> **WORK TASK**
From the data below, set down exactly the lines between the one holding "(cvgMl_tmp (ln_div_cvg0 (@cvgr_idn R))))." and the one holding "have lim : (fun", inclusive, and no others.

(Stored items)
=======
Let c_div_s_cvg0 : (fun n => c n / s n) @ \oo --> 0.
Proof.
rewrite -[X in _ --> X](_ : x * 0 - 5 / 4 * 0 = 0); last by rewrite !mulr0 subr0.
apply: cvg_trans _ (cvgB (cvgMl_tmp inv_s_cvg0) (cvgMl_tmp (ln_div_cvg0 s_cvgy))).
by apply: near_eq_cvg; near=> n; rewrite /c !fctE; ring.
Unshelve. all: end_near.
Qed.

Let ln_n_inv_cvg0 : (fun n : nat => (ln (n%:R : R))^-1) @ \oo --> 0.
Proof. by apply/gtr0_cvgV0 => //; exact: cvgry_gt ln_n_cvgy 0. Qed.

Let u_div_s_cvg1 : (fun n => u n / s n) @ \oo --> (1 : R).
Proof.
rewrite -[X in _ --> X](_ : (1 + z * 0) * (1 + 0 * 0) = 1); last by ring.
have h1 : (fun n : nat => 1 + z * (ln (n%:R : R))^-1) @ \oo --> 1 + z * 0.
  by apply: cvgD; [exact: cvg_cst | exact: cvgMl_tmp ln_n_inv_cvg0].
have h2 : (fun n : nat => 1 + c n / s n * (s n)^-1) @ \oo --> (1 + 0 * 0 : R).
  by apply: cvgD; [exact: cvg_cst | exact: cvgM c_div_s_cvg0 inv_s_cvg0].
apply: cvg_trans _ (cvgM h1 h2).
apply: near_eq_cvg; near=> n; have n_gt1 : (1 < n)%N by near: n; exact: nbhs_infty_gt.
have sn_gt0 := s_gt0 n n_gt1; have ln_n_gt0 := ln_nat_gt0 n n_gt1.
by rewrite /GRing.mul_fun /u; field; rewrite !gt_eqF.
Unshelve. all: end_near.
Qed.

Lemma u_cvgy : u @ \oo --> +oo.
Proof.
apply: cvg_trans _ (cvgyM_gt0 ltr01 s_cvgy u_div_s_cvg1).
apply: near_eq_cvg; near=> n; have n_gt1 : (1 < n)%N by near: n; exact: nbhs_infty_gt.
have sn_gt0 := s_gt0 n n_gt1.
by rewrite mulrC divfK// gt_eqF.
Unshelve. all: end_near.
Qed.

Lemma u_sqr_div_cvg0 : (fun n => u n ^+ 2 / n%:R) @ \oo --> 0.
Proof.
rewrite -[X in _ --> X](_ : 1 * 1 * (2 * 0) = 0); last by ring.
apply: cvg_trans _ (cvgM (cvgM u_div_s_cvg1 u_div_s_cvg1)
  (cvgMl_tmp (ln_div_cvg0 (@cvgr_idn R)))).
apply: near_eq_cvg; near=> n; have n_gt1 : (1 < n)%N by near: n; exact: nbhs_infty_gt.
have sn_gt0 := s_gt0 n n_gt1.
have n_gt0 : 0 < n%:R :> R by rewrite (lt_trans ltr01)// ltr1n.
rewrite /GRing.mul_fun [2 * _]mulrA -s_sqr ?(ltnW n_gt1)//; field.
by rewrite !gt_eqF.
Unshelve. all: end_near.
Qed.

Lemma u_sqr_expansion : (fun n => u n ^+ 2 / 2 - ln n%:R - c n - 2 * z) @ \oo --> 0.
Proof.
pose v n := c n / s n; pose w n := (s n)^-1.
have vw_cvg0 : (fun n => v n * w n) @ \oo --> (0 * 0 : R) := cvgM c_div_s_cvg0 inv_s_cvg0.
(* Since ln n = s^2 / 2, the remainder is exactly this polynomial in [v] and [w]. *)
have lim : (fun n => v n * v n / 2 + 2 * z * (v n * w n) * (2 + v n * w n)
    + 2 * z * z * (w n * w n) * ((1 + v n * w n) * (1 + v n * w n))) @ \oo
    --> 0 * 0 / 2 + 2 * z * (0 * 0) * (2 + 0 * 0)
        + 2 * z * z * (0 * 0) * ((1 + 0 * 0) * (1 + 0 * 0)).
  apply: cvgD; first apply: cvgD.
  - exact: cvgMr_tmp (cvgM c_div_s_cvg0 c_div_s_cvg0).
  - apply: cvgM; first by apply: cvgMl_tmp; exact: vw_cvg0.
    by apply: cvgD; [exact: cvg_cst | exact: vw_cvg0].
  - apply: cvgM; first by apply: cvgMl_tmp; exact: cvgM inv_s_cvg0 inv_s_cvg0.
    by apply: cvgM; apply: cvgD; (exact: cvg_cst || exact: vw_cvg0).
rewrite [X in _ --> X](_ : _ = 0 :> R) in lim; last by ring.
apply: cvg_trans _ lim; apply: near_eq_cvg; near=> n.
have n_gt1 : (1 < n)%N by near: n; exact: nbhs_infty_gt.
have sn_gt0 := s_gt0 n n_gt1.
rewrite /v /w /u.
have -> : ln (n%:R : R) = s n ^+ 2 / 2 by rewrite s_sqr ?(ltnW n_gt1)//; field.
by field; rewrite gt_eqF.
Unshelve. all: end_near.
Qed.

Let ln_u_sub_ln_s_cvg0 : (fun n => ln (u n) - ln (s n)) @ \oo --> 0.
Proof.
rewrite -[X in _ --> X]ln1.
apply: cvg_trans _ (continuous_cvg _ (continuous_ln ltr01) u_div_s_cvg1).
apply: near_eq_cvg; near=> n.
have [un_gt0 sn_gt0] : 0 < u n /\ 0 < s n.
  by split; near: n; [exact: cvgry_gt u_cvgy 0 | exact: cvgry_gt s_cvgy 0].
by rewrite /= ln_div ?posrE.
Unshelve. all: end_near.
Qed.

Lemma ln_scaled_Dn_cvg [c0 : R] : DIKZ_constant c0 ->
  (fun n => ln (n%:R : R) - ln (s n) + ln (Dn n (2 * u n / n%:R)))
    @ \oo --> c0 - x - 2 * z.
Proof.
move=> c0_DIKZ.
have K_cvg := ln_Dn_small_arc_cvg c0_DIKZ u_cvgy u_sqr_div_cvg0.
rewrite -[X in _ --> X](_ : c0 - 0 - 0 / 4 - x - 2 * z = _); last by rewrite mul0r !subr0.
apply: cvg_trans _ (cvgB (cvgB (cvgB (cvgB K_cvg u_sqr_expansion)
  (cvgMr_tmp ln_u_sub_ln_s_cvg0)) (cvg_cst x)) (cvg_cst (2 * z))).
by apply: near_eq_cvg; near=> n; rewrite !fctE /c; field.
Unshelve. all: end_near.
Qed.

End critical_arc.

Theorem lemma8 (R : realType) (c0 : R) (hc0 : DIKZ_constant c0) (x z : R) :
  (fun n : nat =>
     n%:R / Num.sqrt (2 * ln (n%:R : R))
     * Dn n ((1 + z / ln (n%:R : R)) * Gn n x / 2))
    @ \oo --> expR (c0 - x - 2 * z).
Proof.
have D_gt0 := Dn_small_arc_gt0 hc0 (u_cvgy x z) (u_sqr_div_cvg0 x z).
apply: cvg_trans _ (continuous_cvg _ (@continuous_expR R _) (ln_scaled_Dn_cvg x z hc0)).
apply: near_eq_cvg; near=> n; have n_gt1 : (1 < n)%N by near: n; exact: nbhs_infty_gt.
have n_gt0 : 0 < n%:R :> R by rewrite (lt_trans ltr01)// ltr1n.
have s_gt0 : 0 < Num.sqrt (2 * ln (n%:R : R)).
  by rewrite sqrtr_gt0 mulr_gt0// ln_gt0// ltr1n.
rewrite /= critical_arcE// expRD expRB !lnK ?posrE//.
by near: n; exact: D_gt0.
Unshelve. all: end_near.
Qed.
=======
> **TASK OUTPUT**
  (cvgMl_tmp (ln_div_cvg0 (@cvgr_idn R)))).
apply: near_eq_cvg; near=> n; have n_gt1 : (1 < n)%N by near: n; exact: nbhs_infty_gt.
have sn_gt0 := s_gt0 n n_gt1.
have n_gt0 : 0 < n%:R :> R by rewrite (lt_trans ltr01)// ltr1n.
rewrite /GRing.mul_fun [2 * _]mulrA -s_sqr ?(ltnW n_gt1)//; field.
by rewrite !gt_eqF.
Unshelve. all: end_near.
Qed.

Lemma u_sqr_expansion : (fun n => u n ^+ 2 / 2 - ln n%:R - c n - 2 * z) @ \oo --> 0.
Proof.
pose v n := c n / s n; pose w n := (s n)^-1.
have vw_cvg0 : (fun n => v n * w n) @ \oo --> (0 * 0 : R) := cvgM c_div_s_cvg0 inv_s_cvg0.
(* Since ln n = s^2 / 2, the remainder is exactly this polynomial in [v] and [w]. *)
have lim : (fun n => v n * v n / 2 + 2 * z * (v n * w n) * (2 + v n * w n)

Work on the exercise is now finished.